The 'cash advance' receipt in my pocket made up my mind for me. I turned away from O'Connell Street and back towards Christchurch and the Jury's I'd chosen as basecamp for this weekend. Who knew: I may even break tradition and line my stomach with something other than stout.

It was as I was hurrying past the convolution of disbanding market vendors that I felt a curious draw on my psyche. It began as a mere whisper, but soon became an almost physical tug on my body, dragging me between the stalls and jostling me through the upturned tables and empty boxes, as if the market itself had spat me out.

For a good thirty seconds, I was truly discombobulated. Then, everything changed.
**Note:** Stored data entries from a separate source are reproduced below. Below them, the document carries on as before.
Lemma q_neq0 : q != 0%N.
Proof.
apply/eqP => q0; have eps0 : eps = 0 by apply: (addIr 1); rewrite -frob_eps q0 expr0 add0r.
by have := eps_notin_F 0; rewrite eps0 scale0r eqxx.
Qed.

Definition emb (x0 x1 : F) : K := x0%:A + x1%:A * eps.

Lemma emb00 : emb 0 0 = 0. Proof. by rewrite /emb scale0r mul0r addr0. Qed.
Lemma emb10 : emb 1 0 = 1. Proof. by rewrite /emb scale0r mul0r addr0 scale1r. Qed.
Lemma emb01 : emb 0 1 = eps. Proof. by rewrite /emb scale0r scale1r mul1r add0r. Qed.

Definition qconj (z : K) := z ^+ q.
Definition qtr (z : K) := z + qconj z.
Definition qnorm (z : K) := z * qconj z.

Lemma qconjD x y : qconj (x + y) = qconj x + qconj y. Proof. exact: frobD. Qed.
Lemma qconjM x y : qconj (x * y) = qconj x * qconj y. Proof. exact: exprMn. Qed.
Lemma qconjX x n : qconj (x ^+ n) = qconj x ^+ n. Proof. exact: exprAC. Qed.
Lemma qconjA x : qconj (in_alg K x) = in_alg K x. Proof. by rewrite /qconj -rmorphXn frobF. Qed.
Lemma qconj1 : qconj 1 = 1. Proof. exact: expr1n. Qed.
Lemma qconj0 : qconj 0 = 0. Proof. by rewrite /qconj expr0n (negbTE q_neq0). Qed.

Lemma qconj_emb x0 x1 : qconj (emb x0 x1) = emb (x0 + x1) x1.
Proof. by rewrite /emb -!in_algE qconjD qconjM !qconjA [qconj eps]frob_eps; ring. Qed.

Lemma emb_inj x0 x1 y0 y1 : emb x0 x1 = emb y0 y1 -> x0 = y0 /\ x1 = y1.
Proof.
move=> /eqP; rewrite -subr_eq0.
have -> : emb x0 x1 - emb y0 y1 = (x0 - y0)%:A + (x1 - y1)%:A * eps.
  by rewrite /emb -!in_algE; ring.
have [e1|ne1] := eqVneq (x1 - y1) 0.
  rewrite e1 scale0r mul0r addr0 scaler_eq0 oner_eq0 orbF => /eqP e0.
  by split; apply/eqP; rewrite -subr_eq0 ?e0 ?e1.
rewrite addr_eq0 => /eqP epsE; case/eqP: (eps_notin_F (- (x0 - y0) / (x1 - y1))).
have nz : (x1 - y1)%:A != 0 :> K by rewrite scaler_eq0 oner_eq0 orbF.
by apply: (mulIf nz); rewrite -scalerAl mul1r scalerA divfK // scaleNr epsE opprK mulrC.
Qed.

Lemma embP z : exists x0 x1, z = emb x0 x1.
Proof.
have eps0 : eps != 0 by have := eps_notin_F 0; rewrite scale0r.
have free01 : free [:: 1; eps].
  rewrite free_cons seq1_free eps0 andbT span_seq1; apply/vlineP => -[k].
  case: (eqVneq k 0) => [->|k0]; first by rewrite scale0r; apply/eqP; rewrite oner_eq0.
  move/(congr1 (fun z => k^-1 *: z)); rewrite scalerA mulVf // scale1r => e.
  by case/eqP: (eps_notin_F k^-1); rewrite -e.
have spanK : span [:: 1; eps] = fullv.
  by apply: span_basis; rewrite basisEfree free01 subvf dimK.
have := memvf z; rewrite -spanK span_cons span_seq1.
case/memv_addP => _ /vlineP[x0 ->] [_ /vlineP[x1 ->] ->].
by exists x0, x1; rewrite /emb mulr_algl.
Qed.

Lemma qconjK z : qconj (qconj z) = z.
Proof.
have [x0 [x1 ->]] := embP z.
by rewrite !qconj_emb /emb -!in_algE; ring2 char2K.
Qed.

Lemma qtr_emb x0 x1 : qtr (emb x0 x1) = x1%:A.
Proof. by rewrite /qtr qconj_emb /emb -!in_algE; ring2 char2K. Qed.

Lemma qtrD x y : qtr (x + y) = qtr x + qtr y.
Proof. by rewrite /qtr qconjD addrACA. Qed.

Lemma qtr_nondeg z : qtr z = 0 -> qtr (eps * z) = 0 -> z = 0.
Proof.
move=> /char2_addr_eq0-/(_ char2K) fix_z <-.
by rewrite /qtr qconjM -fix_z [qconj eps]frob_eps; ring2 char2K.
Qed.

Lemma inA_eq0 (x : F) : (x%:A = 0 :> K) -> x = 0.
Proof. by move/eqP; rewrite scaler_eq0 oner_eq0 orbF => /eqP. Qed.

(* [Y * qconj Y' + qconj Y * Y'] is the determinant of the coordinates of Y, Y'. *)
Lemma qdet_eq0_dependent (Y Y' : K) : Y * qconj Y' + qconj Y * Y' = 0 ->
  exists2 st : F * F, st != (0, 0) & st.1%:A * Y + st.2%:A * Y' = 0.
Proof.
have [p0 [p1 ->]] := embP Y; have [r0 [r1 ->]] := embP Y'.
rewrite !qconj_emb (_ : _ + _ = (p0 * r1 + p1 * r0)%:A); last first.
  by rewrite /emb -!in_algE; ring2 char2K : eps_sqA.
move/inA_eq0/(char2_addr_eq0 char2)/(congr1 (in_alg K)); rewrite !rmorphM => det0.
have [/eqP|nz] := eqVneq (r1, p1) (0, 0); last first.
  by exists (r1, p1) => //; rewrite /emb -!in_algE; ring2 char2K : det0.
rewrite xpair_eqE => /andP[/eqP r10 /eqP p10].
have [/eqP|nz] := eqVneq (r0, p0) (0, 0); last first.
  by exists (r0, p0) => //; rewrite /emb r10 p10 -!in_algE; ring2 char2K.
rewrite xpair_eqE => /andP[_ /eqP p00].
exists (1, 0); first by rewrite xpair_eqE oner_eq0.
by rewrite /= /emb p00 p10 -!in_algE rmorph0; ring.
Qed.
Some titanic invisible force seemed to drag the claustrophobic skyline of Dublin's towering historic buildings back to the distant horizons. The mercurial yellow sunset sky morphed into pink, purple and blue bloated heavens. The very tarmac beneath my feet gave way to a compact, pebble-strewn, sun-bleached desert. 

My body felt harried, my mind violated and, upon trying to parse my new surroundings, utter confusion stirred my consciousness into a turgid puddle.

Then, I saw it: the gypsy tent, its flap protesting against a breeze that, though blowing with unquestionable force against the ageing canvas, didn't ruffle so much as a feather on me despite my close proximity. 

How could I have missed the tatty little structure? Some instinct told me the gypsy tent was an anchor between this new world in which I found myself and the one that had just ejected me from it. It was as real back there as it was here, yet I'd never seen it before. Its claret and indigo broad stripes dominated my vision, its tiny indigo flag flapping like a wind sock in the bustling breeze, affecting the tent flaps in exactly the same manner as if desperate to attract my attention.

Then, I'll be blown, but I saw the body of wind take shape and begin to move towards me. The flag drooped, a flap wrapped around one side of the tent rendering the doorway half open, and the mini-hurricane wrapped itself around me instead. It carried me at impossible speed - as if the distance between the tent and I simply disappeared - before plopping me just inside the open flap.

Every instinct screamed turn and flee, but my feet were rooted in the tent's Stygian darkness. Not a glimmer of the kaleidoscopic sky's pinks and blues found egress beyond the doorway, any shadow I cast swallowed by the blackness that swarmed around me like a living entity.

I'd stood there a while - not the foggiest how long, nor what shape any thoughts of escape may have taken - when my subconscious clocked the room getting progressively lighter. I'd been staring at the brightening crystal ball for several minutes before I realised I had begun to see quite clearly.

As the brightness grew and the inner sanctum of the fortune teller's station revealed itself, so grew the temerity and detail of strange, disturbing thoughts threatening my consciousness. There was no one definite image; rather, a collage of colours that spelled out disaster swirled before my mind's eye. Soon, a lurking fear began to spread throughout my body, starting at my coccyx before working its way to my body's extremities (yes, all of them).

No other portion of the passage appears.